Depthai ROS Driver

Currently, recommended way to launch cameras is to use executables from depthai_ros_driver package.This runs your camera as a ROS2 Component/ROS Nodelet and gives you the ability to customize your camera using ROS parameters.Main API difference between ROS2 and ROS1 is that parameter names use different convention - parameters in ROS2 are namespaced using . and parameters in ROS1 are namespaced using _, for example in ROS2: camera.i_pipeline_type, ROS1 camera_i_pipeline_type. For sake of simplicity, this Readme uses ROS2 convention. List of all available parameters with their default values can be found at the bottom of Readme.Paramerers that begin with r_ can be freely modified during runtime, for example with rqt.Parameters that begin with i_ are set when camera is initializing, to change them you have to call stop and start services. This can be used to hot swap NNs during runtime, changing resolutions, etc.

Launch files

We provide few examples for depthai-ros-driver package:

camera.launch.py launches camera in RGBD, and NN in spatial (Mobilenet) mode.
rgbd_pcl.launch.py launches camera in basic RGBD configuration, doesn't load any NNs. Also loads ROS depth processing nodes for RGBD pointcloud.
example_multicam.launch.py launches several cameras at once, each one in different container. Edit the multicam_example.yaml config file in config directory to change parameters
example_segmentation.launch.py launches camera in RGBD + semantic segmentation (pipeline type=RGBD, nn_type=rgb)
pointcloud.launch.py - similar to rgbd_pcl.launch.py, but doesn't use RGB component for pointcloud
example_marker_publish.launch.py launches camera.launch.py + small python node that publishes detected objects as markers/tfs
rtabmap.launch.py launches camera and RTAB-MAP RGBD SLAM (you need to install it first - sudo apt install ros-$ROS_DISTRO-rtabmap-ros). You might need to set manual focus via parameters here.

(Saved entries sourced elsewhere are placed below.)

Section ScalableMaps.
Variables (K : pzRingType) (V : lmodType K) (f : V -> V).
Hypothesis fZ : forall c, {morph f : x / c *: x}.

Lemma scalable_map0 : f 0 = 0.
Proof. by rewrite -(scale0r (0 : V)) fZ !scale0r. Qed.

Lemma scalable_mapN : {morph f : x / - x}.
Proof. by move=> x; rewrite -scaleN1r fZ scaleN1r. Qed.

End ScalableMaps.

Section RTTAlgebra.
Variables (K : fieldType) (V : lmodType K) (I : eqType) (eta : K).
Variable T : I -> I -> K -> V -> V.
Hypothesis TD : forall a b u, {morph T a b u : x y / x + y}.
Hypothesis TZ : forall a b u c, {morph T a b u : x / c *: x}.
(* Spectral parameters are typed explicitly here and below, so that instances
   of [RTT] and unfolded minors elaborate to syntactically equal atoms. *)
Hypothesis RTT : forall (a1 a2 b1 b2 : I) (u v : K) (w : V),
  (u - v) *: T a1 b1 u (T a2 b2 v w) + eta *: T a2 b1 u (T a1 b2 v w)
  = (u - v) *: T a2 b2 v (T a1 b1 u w) + eta *: T a2 b1 v (T a1 b2 u w).

Definition minor a1 a2 b1 b2 (u : K) (w : V) : V :=
  T a1 b1 u (T a2 b2 (u + eta) w) - T a2 b1 u (T a1 b2 (u + eta) w).

Lemma minorD a1 a2 b1 b2 u : {morph minor a1 a2 b1 b2 u : x y / x + y}.
Proof. by move=> x y; rewrite /minor !TD opprD addrACA. Qed.

Lemma minorZ a1 a2 b1 b2 u c : {morph minor a1 a2 b1 b2 u : x / c *: x}.
Proof. by move=> x; rewrite /minor !TZ scalerBr. Qed.

Ltac linear_ring :=
  unfold minor; rewrite /= ?(TD, TZ, scalable_mapN (TZ _ _ _)); module_ring.

Lemma column_exchange k l b (u v : K) (w : V) :
  (u - v) *: T k b u (T l b v w) + eta *: T l b u (T k b v w)
  = (u - v + eta) *: T l b v (T k b u w).
Proof. by rewrite RTT -scalerDl. Qed.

To launch them, you can run: ros2 launch depthai_ros_driver camera.launch.py (ROS2) roslaunch depthai_ros_driver camera.launch (ROS1)

Publishing TFs from extrinsics

By default, camera transforms are published from default URDF descriptions based on CAD models. This can be overriden by using TFPublisher class from depthai_bridge, which based on Device's camera calibration data republishes the description with updated information. To enable this behavior in depthai_ros_driver, you can use following parameters:

camera.i_publish_tf_from_calibration - setting this to true launches TFPublisher

Then you can set following arguments:

camera.i_tf_camera_name - if not set, defaults to the node name
camera.i_tf_camera_model - if not set, it will be automatically detected. If the node is unable to detect STL file for the camera it is set to OAK-D. To explicitly set it in camera.launch.py, set override_cam_model:=true
camera.i_tf_base_frame
camera.i_tf_parent_frame
camera.i_tf_cam_pos_x
camera.i_tf_cam_pos_y
camera.i_tf_cam_pos_z
camera.i_tf_cam_roll
camera.i_tf_cam_pitch
camera.i_tf_cam_yaw

When using camera.launch.py, you can set pass_tf_args_as_params:=true so that TF arguments are used to fill those parameters. For example

ros2 launch depthai_ros_driver camera.launch.py pass_tf_args_as_params:=true parent_frame:=map cam_pos_x:=1.0 imu_from_descr:=true

It is also possible to set custom URDF path (for now only absolute path works) and custom xacro arguments using camera.i_tf_custom_urdf_path and camera.i_tf_custom_xacro_args. Please note that robot_state_publisher must be running.NOTE ON IMU EXTRINSICS If your camera has uncalibrated IMU, a warning will be shown, and IMU will be published with zero rotation and translation. You can override this behavior by setting camera.i_tf_imu_from_descr: true. This will publish default IMU extrinsics from URDF based on camera model.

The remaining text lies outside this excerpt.